### THE PROBLEM
Search the records for the string "elim" and copy every line where it turns up.
====== MATERIAL TO PROCESS
(* Let $r\ge2$, $a_1,\dots,a_r\in\mathbb{N}$ and $n_1,\dots,n_r\ge1$. In the sampling without replacement Pólya–Eggenberger urn with $r$ types of balls and ball transition matrix $\mathrm{diag}(-a_1,\dots,-a_r)$, started with $a_jn_j$ balls of type $j$, let $\mathbf{Y}_{\mathbf{an}}=(Y^{[1]}_{\mathbf{an}},\dots,Y^{[r-1]}_{\mathbf{an}})$ count the numbers of balls of types $1,\dots,r-1$ when the process stops. Then for $0\le k_j\le n_j$, \[ \mathbb{P}\{\mathbf{Y}_{\mathbf{an}}=(a_1k_1,\dots,a_{r-1}k_{r-1})\}=\sum_{\ell_1=k_1}^{n_1}\cdots\sum_{\ell_{r-1}=k_{r-1}}^{n_{r-1}}\frac{\prod_{j=1}^{r-1}\binom{n_j}{\ell_j}\binom{\ell_j}{k_j}(-1)^{\ell_j-k_j}}{\binom{n_r+\sum_{f=1}^{r-1}\frac{a_f\ell_f}{a_r}}{n_r}}, \] and for all integers $s_1,\dots,s_{r-1}\ge0$, \[ \mathbb{E}\Big(\prod_{j=1}^{r-1}\Big(\frac{Y^{[j]}_{\mathbf{an}}}{a_j}\Big)^{\underline{s_j}}\Big)=\frac{\prod_{j=1}^{r-1}n_j^{\underline{s_j}}}{\binom{n_r+\sum_{f=1}^{r-1}\frac{a_fs_f}{a_r}}{n_r}}. \]
   Context: The urn: at each step a ball is drawn uniformly at random among all balls present; if it is of type $j$, the number of type $j$ balls decreases by $a_j$. The process stops when either all type $r$ balls have been removed or all balls of types $1,\dots,r-1$ have been removed; $Y^{[j]}_{\mathbf{an}}$ is the number of type $j$ balls at that time. For real $x$ and integer $k\ge0$, $x^{\underline{k}}=x(x-1)\cdots(x-k+1)$ and $\binom{x}{k}=x^{\underline{k}}/k!$. *)

From HB Require Import structures.
From mathcomp Require Import all_boot all_order all_algebra.
Set Implicit Arguments. Unset Strict Implicit. Unset Printing Implicit Defensive.
Import Order.TTheory GRing.Theory Num.Theory.
Local Open Scope ring_scope.

Definition falling {R : pzRingType} (x : R) (k : nat) : R :=
  \prod_(i < k) (x - i%:R).

Definition gbinom {R : fieldType} (x : R) (k : nat) : R :=
  falling x k / (k`!)%:R.

(* Urn with r = q+1 types.  Types 1..r-1 are indexed by 'I_q, type r is
   separate.  A state is (x, z): x j = number of balls of type j (j < r),
   z = number of balls of type r.  a j (resp. ar) = number of balls removed
   when a ball of type j (resp. type r) is drawn. *)
Definition urn_stopped (q : nat) (x : {ffun 'I_q -> nat}) (z : nat) : bool :=
  (z == 0%N) || [forall j, x j == 0%N].

(* urn_expect a ar fuel x z f = E[ f(Y) ] where Y is the vector of the
   numbers of balls of types 1..r-1 when the process started from (x,z)
   stops; fuel bounds the number of steps (each step removes >= 1 ball when
   all a j, ar >= 1, so the total number of balls is enough fuel). *)
Fixpoint urn_expect {R : fieldType} (q : nat) (a : {ffun 'I_q -> nat}) (ar : nat)
    (fuel : nat) (x : {ffun 'I_q -> nat}) (z : nat)
    (f : {ffun 'I_q -> nat} -> R) {struct fuel} : R :=
  if urn_stopped x z then f x else
  match fuel with
  | 0%N => 0
  | fuel'.+1 =>
      let tot : R := (\sum_(i < q) x i + z)%N%:R in
      \sum_(j < q) ((x j)%:R / tot) *
          urn_expect a ar fuel' [ffun i => if i == j then (x i - a i)%N else x i] z f
      + (z%:R / tot) * urn_expect a ar fuel' x (z - ar)%N f
  end.

Definition urn_E {R : fieldType} (q : nat) (a : {ffun 'I_q -> nat}) (ar : nat)
    (n : {ffun 'I_q -> nat}) (nr : nat) (f : {ffun 'I_q -> nat} -> R) : R :=
  urn_expect a ar (\sum_(j < q) a j * n j + ar * nr)%N
    [ffun j => (a j * n j)%N] (ar * nr)%N f.

Definition urn_P {R : fieldType} (q : nat) (a : {ffun 'I_q -> nat}) (ar : nat)
    (n : {ffun 'I_q -> nat}) (nr : nat) (y : {ffun 'I_q -> nat}) : R :=
  urn_E a ar n nr (fun x => (x == y)%:R).

From HB Require Import structures.
From mathcomp Require Import all_boot all_order all_algebra.
From mathcomp Require Import ring zify.
Import Order.TTheory GRing.Theory Num.Theory.
Local Open Scope ring_scope.

(* Measure the urn in units: m_j units of type j stand for a_j m_j balls,
   mr units of type r for a_r mr balls.  E f(Y) is the unique solution of the
   one-step recursion of the urn with boundary value f at stopped states.  If
   every g_j satisfies m g_j(m-1) = (m - s_j) g_j(m), as the falling factorial
   of degree s_j and the multiples of binom(m, s_j) do, then
     (prod_j g_j(m_j)) / binom(mr + c, mr),   c = sum_f a_f s_f / a_r,
   solves the recursion: a type j draw contributes the weight a_j (m_j - s_j),
   a type r draw the weight a_r (mr + c), and these weights add up to the
   number of balls.  At a stopped state the denominator is 1 or the product
   vanishes.  Falling factorials give the factorial moments; the point
   probabilities follow by binomial inversion,
     [m = k] = sum_l prod_j binom(m_j, l_j) binom(l_j, k_j) (-1)^(l_j - k_j). *)

(* In characteristic 0 its solutions are exactly the multiples of m |-> binom(m, s). *)
Definition bin_shaped {R : pzRingType} (s : nat) (g : nat -> R) :=
  forall m : nat, m%:R * g m.-1 = (m%:R - s%:R) * g m.

Section Falling.
Context {R : comNzRingType}.

Lemma fallingSl (x : R) s : falling x s.+1 = x * falling (x - 1) s.
Proof.
rewrite /falling big_ord_recl /= subr0; congr (_ * _); apply: eq_bigr => i _.
by rewrite /bump /= add1n -addn1 natrD opprD addrA addrAC.
Qed.

Lemma fallingSr (x : R) s : falling x s.+1 = falling x s * (x - s%:R).
Proof. by rewrite /falling big_ord_recr. Qed.

Lemma falling_bin_shaped s : bin_shaped s (fun m => falling (m%:R : R) s).
Proof.
case=> [|m] /=.
  by rewrite mul0r; case: s => [|s]; rewrite ?subrr ?mul0r // fallingSl mul0r mulr0.
have pred_m : (m.+1)%:R - 1 = m%:R :> R by rewrite -natr1 addrK.
by rewrite -pred_m -fallingSl fallingSr mulrC.
Qed.

Lemma bin_bin_shaped l : bin_shaped l (fun m => 'C(m, l)%:R : R).
Proof.
move=> m; rewrite -natrM mul_bin_down.
have [le_lm|lt_ml] := leqP l m; first by rewrite natrM natrB.
by rewrite bin_small // muln0 mulr0.
Qed.

Lemma bin_shapedMr s (g : nat -> R) c :
  bin_shaped s g -> bin_shaped s (fun m => g m * c).
Proof. by move=> g_shaped m; rewrite !mulrA g_shaped. Qed.

End Falling.

Lemma mul_bin_shift m k t :
  ('C(m, t + k) * 'C(t + k, k) = 'C(m, k) * 'C(m - k, t))%N.
Proof.
have [le_tkm | lt_m_tk] := leqP (t + k) m; last first.
  rewrite (bin_small lt_m_tk) mul0n.
  have [le_km | lt_mk] := leqP k m; last by rewrite (bin_small lt_mk).
  by rewrite (@bin_small (m - k)) ?muln0 //; lia.
have le_km : (k <= m)%N by apply: leq_trans le_tkm; apply: leq_addl.
have le_t_mk : (t <= m - k)%N by rewrite leq_subRL // addnC.
apply/eqP; rewrite -(@eqn_pmul2r (k`! * t`! * (m - (t + k))`!)); last first.
  by rewrite !muln_gt0 !fact_gt0.
have fact_tk := bin_fact (leq_addl t k); rewrite addnK in fact_tk.
have fact_mk := bin_fact le_t_mk; rewrite -subnDA addnC in fact_mk.
apply/eqP; transitivity ('C(m, t + k) * ('C(t + k, k) * (k`! * t`!)) * (m - (t + k))`!)%N.
  ring.
by rewrite fact_tk -mulnA (bin_fact le_tkm) -(bin_fact le_km) -fact_mk; ring.
Qed.

Section BinomialInversion.
Context {R : comNzRingType}.

Lemma sum_bin_sign p :
  \sum_(i < p.+1) ('C(p, i)%:R * (-1) ^+ i : R) = (p == 0)%N%:R.
Proof.
have := exprDn (1 : R) (-1) p; rewrite subrr expr0n => ->.
by apply: eq_bigr => i _; rewrite expr1n mul1r mulr_natl.
Qed.

Lemma sum_bin_bin_sign M m k : (m <= M)%N ->
  \sum_(i < M.+1) ('C(m, i)%:R * 'C(i, k)%:R * (-1) ^+ (i - k) : R) = (m == k)%:R.
Proof.
move=> le_mM.
rewrite -(big_mkord xpredT (fun i => 'C(m, i)%:R * 'C(i, k)%:R * (-1) ^+ (i - k))).
rewrite (big_cat_nat _ (n := m.+1)) //=.
rewrite [X in _ + X]big1_seq ?addr0; last first.
  move=> i /andP[_]; rewrite mem_index_iota => /andP[lt_mi _].
  by rewrite bin_small // !mul0r.
have [lt_mk | le_km] := ltnP m k.
  rewrite (ltn_eqF lt_mk) big1_seq // => i /andP[_].
  rewrite mem_index_iota => /andP[_ le_im].
  by rewrite (@bin_small i) ?mulr0n ?mulr0 ?mul0r // (leq_trans le_im lt_mk).
rewrite (big_cat_nat _ (n := k)) ?(leqW le_km) //= [X in X + _]big1_seq ?add0r; last first.
  move=> i /andP[_]; rewrite mem_index_iota => /andP[_ lt_ik].
  by rewrite (bin_small lt_ik) mulr0 mul0r.
rewrite -{1}[k]add0n big_addn subSn //.
have bin_shift t : 'C(m, t + k)%:R * 'C(t + k, k)%:R * (-1) ^+ (t + k - k)
    = 'C(m, k)%:R * ('C(m - k, t)%:R * (-1) ^+ t) :> R.
  by rewrite addnK -natrM mul_bin_shift natrM mulrA.
rewrite (eq_bigr _ (fun t _ => bin_shift t)).
rewrite -mulr_sumr big_mkord sum_bin_sign subn_eq0 eqn_leq le_km andbT.
by case: leqP => [le_mk|]; rewrite ?mulr0 // (@anti_leq m k) ?le_mk // binn mulr1.
Qed.

Lemma sum_prod_bin_bin_sign q M (m k : {ffun 'I_q -> nat}) :
    (forall j, m j <= M)%N ->
  \sum_(l : {ffun 'I_q -> 'I_M.+1})
      \prod_j ('C(m j, l j)%:R * 'C(l j, k j)%:R * (-1) ^+ (l j - k j) : R)
  = (m == k)%:R.
Proof.
move=> le_mM; rewrite -(bigA_distr_bigA (fun j (i : 'I_M.+1) =>
  'C(m j, i)%:R * 'C(i, k j)%:R * (-1) ^+ (i - k j) : R)) /=.
rewrite (eq_bigr (fun j => (m j == k j)%:R)) => [|j _]; last exact: sum_bin_bin_sign.
have [->|neq_mk] := eqVneq m k; first by rewrite big1 // => j _; rewrite eqxx.
have [j neq_j] : exists j, m j != k j.
  apply/existsP; apply: contraNT neq_mk => /existsPn eq_mk.
  by apply/eqP/ffunP => j; apply/eqP/negPn/eq_mk.
by rewrite (bigD1 j) //= (negbTE neq_j) mul0r.
Qed.
End BinomialInversion.

Definition gbinom_add {R : fieldType} (c : R) (p : nat) : R := gbinom (p%:R + c) p.

Section GbinomAdd.
Context {R : numFieldType}.
Implicit Type c : R.

Lemma gbinom_addn0 c : gbinom_add c 0 = 1.
Proof. by rewrite /gbinom_add /gbinom /falling big_ord0 fact0 divr1. Qed.

Lemma gbinom_addS c p :
  gbinom_add c p.+1 * (p.+1)%:R = ((p.+1)%:R + c) * gbinom_add c p.
Proof.
rewrite /gbinom_add /gbinom fallingSl factS natrM.
have -> : (p.+1)%:R + c - 1 = p%:R + c by rewrite -natr1 addrAC addrK.
have p1_neq0 : (p.+1)%:R != 0 :> R by rewrite pnatr_eq0.
have fact_neq0 : (p`!)%:R != 0 :> R by rewrite pnatr_eq0 -lt0n fact_gt0.
by field; rewrite fact_neq0 addrC natr1.
Qed.

Lemma gbinom_add0n p : gbinom_add (0 : R) p = 1.
Proof.
elim: p => [|p IH]; first exact: gbinom_addn0.
apply: (@mulIf _ (p.+1)%:R); first by rewrite pnatr_eq0.
by rewrite gbinom_addS IH addr0 mulr1 mul1r.
Qed.

Lemma gbinom_add_gt0 p c : 0 <= c -> 0 < gbinom_add c p.
Proof.
move=> c_ge0; elim: p => [|p IH]; first by rewrite gbinom_addn0.
have p1_gt0 : 0 < (p.+1)%:R :> R by rewrite ltr0n.
rewrite -(pmulr_lgt0 _ p1_gt0) gbinom_addS.
by apply: mulr_gt0 => //; apply: ltr_wpDr.
Qed.

End GbinomAdd.

Lemma bin_shaped_at0 {R : numDomainType} {s} {g : nat -> R} :
  bin_shaped s g -> s != 0%N -> g 0%N = 0.
Proof.
move=> /(_ 0%N) /eqP; rewrite mul0r sub0r mulNr eq_sym oppr_eq0 mulf_eq0 pnatr_eq0.
by case/orP=> [/eqP ->|/eqP].
Qed.

Section Urn.
Variables (R : realFieldType) (q : nat) (a : {ffun 'I_q -> nat}) (ar : nat).
Variables (n : {ffun 'I_q -> nat}) (nr : nat).
Hypotheses (a_gt0 : forall j, (0 < a j)%N) (ar_gt0 : (0 < ar)%N).
Implicit Types (m : {ffun 'I_q -> nat}) (mr : nat).

Definition am (m : {ffun 'I_q -> nat}) : {ffun 'I_q -> nat} :=
  [ffun j => (a j * m j)%N].

Lemma am_inj : injective am.
Proof.
move=> m m' /ffunP eq_am; apply/ffunP => j.
by apply/eqP; rewrite -(eqn_pmul2l (a_gt0 j)) -!(ffunE (fun j => a j * _)%N) eq_am.
Qed.

Definition dec (m : {ffun 'I_q -> nat}) (j : 'I_q) : {ffun 'I_q -> nat} :=
  [ffun i => if i == j then (m i).-1 else m i].

Lemma urn_stopped_am m mr :
  urn_stopped (am m) (ar * mr) = (mr == 0%N) || [forall j, m j == 0%N].
Proof.
rewrite /urn_stopped muln_eq0 -[ar == 0%N]negbK -lt0n ar_gt0 /=.
by congr (_ || _); apply: eq_forallb => j; rewrite ffunE muln_eq0 eqn0Ngt a_gt0.
Qed.

Lemma urn_running_gt0 {m mr} : ~~ urn_stopped (am m) (ar * mr) -> (0 < mr)%N.
Proof. by rewrite urn_stopped_am lt0n => /norP[]. Qed.

Lemma am_dec m j :
  [ffun i => if i == j then (am m i - a i)%N else am m i] = am (dec m j).
Proof.
by apply/ffunP => i; rewrite !ffunE; case: eqP => // _; rewrite -subn1 mulnBr muln1.
Qed.

Lemma sum_dec m j : (0 < m j)%N -> (\sum_i dec m j i).+1 = \sum_i m i.
Proof.
move=> m_gt0; rewrite (bigD1 j) //= [RHS](bigD1 j) //= ffunE eqxx -addSn prednK //.
by congr (_ + _)%N; apply: eq_bigr => i /negbTE neq_ij; rewrite ffunE neq_ij.
Qed.

Definition urn_step (F : {ffun 'I_q -> nat} -> nat -> R) m mr : R :=
  let total := (\sum_i am m i + ar * mr)%N%:R in
  \sum_j ((am m j)%:R / total) * F (dec m j) mr + ((ar * mr)%N%:R / total) * F m mr.-1.

Lemma urn_step_sum (I : finType) (P : pred I) F m mr :
  urn_step (fun m' mr' => \sum_(l | P l) F l m' mr') m mr
  = \sum_(l | P l) urn_step (F l) m mr.
Proof.
rewrite /urn_step big_split /= mulr_sumr; congr (_ + _).
by rewrite exchange_big; apply: eq_bigr => j _; rewrite mulr_sumr.
Qed.

Lemma urn_expect_solution f F :
    (forall m mr, (forall j, m j <= n j)%N -> urn_stopped (am m) (ar * mr) ->
       F m mr = f (am m)) ->
    (forall m mr, (forall j, m j <= n j)%N -> ~~ urn_stopped (am m) (ar * mr) ->
       F m mr = urn_step F m mr) ->
  forall fuel m mr, (forall j, m j <= n j)%N -> (\sum_j m j + mr <= fuel)%N ->
    urn_expect a ar fuel (am m) (ar * mr) f = F m mr.
Proof.
move=> F_stopped F_step; elim=> [|fuel IH] m mr le_mn le_fuel /=.
  move: le_fuel; rewrite leqn0 addn_eq0 => /andP[_ /eqP->].
  by rewrite urn_stopped_am eqxx F_stopped // urn_stopped_am eqxx.
have [stopped|running] := boolP (urn_stopped (am m) (ar * mr)).
  exact/esym/F_stopped.
have mr_gt0 := urn_running_gt0 running.
rewrite (F_step m mr le_mn running) /urn_step; congr (_ + _).
  apply: eq_bigr => j _; rewrite am_dec.
  have [m_j0|m_gt0] := posnP (m j); first by rewrite ffunE m_j0 muln0 !mul0r.
  congr (_ * _); apply: IH.
    move=> i; rewrite ffunE; case: eqP => _; last exact: le_mn.
    exact: leq_trans (leq_pred _) (le_mn i).
  by rewrite -ltnS -addSn sum_dec.
have -> : (ar * mr - ar = ar * mr.-1)%N by rewrite -subn1 mulnBr muln1.
rewrite IH //; lia.
Qed.

Definition stop_shift (s : 'I_q -> nat) : R := \sum_f (a f * s f)%:R / ar%:R.

Lemma stop_shift_ge0 s : 0 <= stop_shift s.
Proof. by apply: sumr_ge0 => f _; apply: divr_ge0. Qed.

Lemma stop_shiftE s : stop_shift s * ar%:R = \sum_f (a f)%:R * (s f)%:R.
Proof.
have ar_neq0 : ar%:R != 0 :> R by rewrite pnatr_eq0 -lt0n.
by rewrite mulr_suml; apply: eq_bigr => f _; rewrite divfK // natrM.
Qed.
============
### RESULT OF THIS TASK
elim: p => [|p IH]; first exact: gbinom_addn0.
move=> c_ge0; elim: p => [|p IH]; first by rewrite gbinom_addn0.
move=> F_stopped F_step; elim=> [|fuel IH] m mr le_mn le_fuel /=.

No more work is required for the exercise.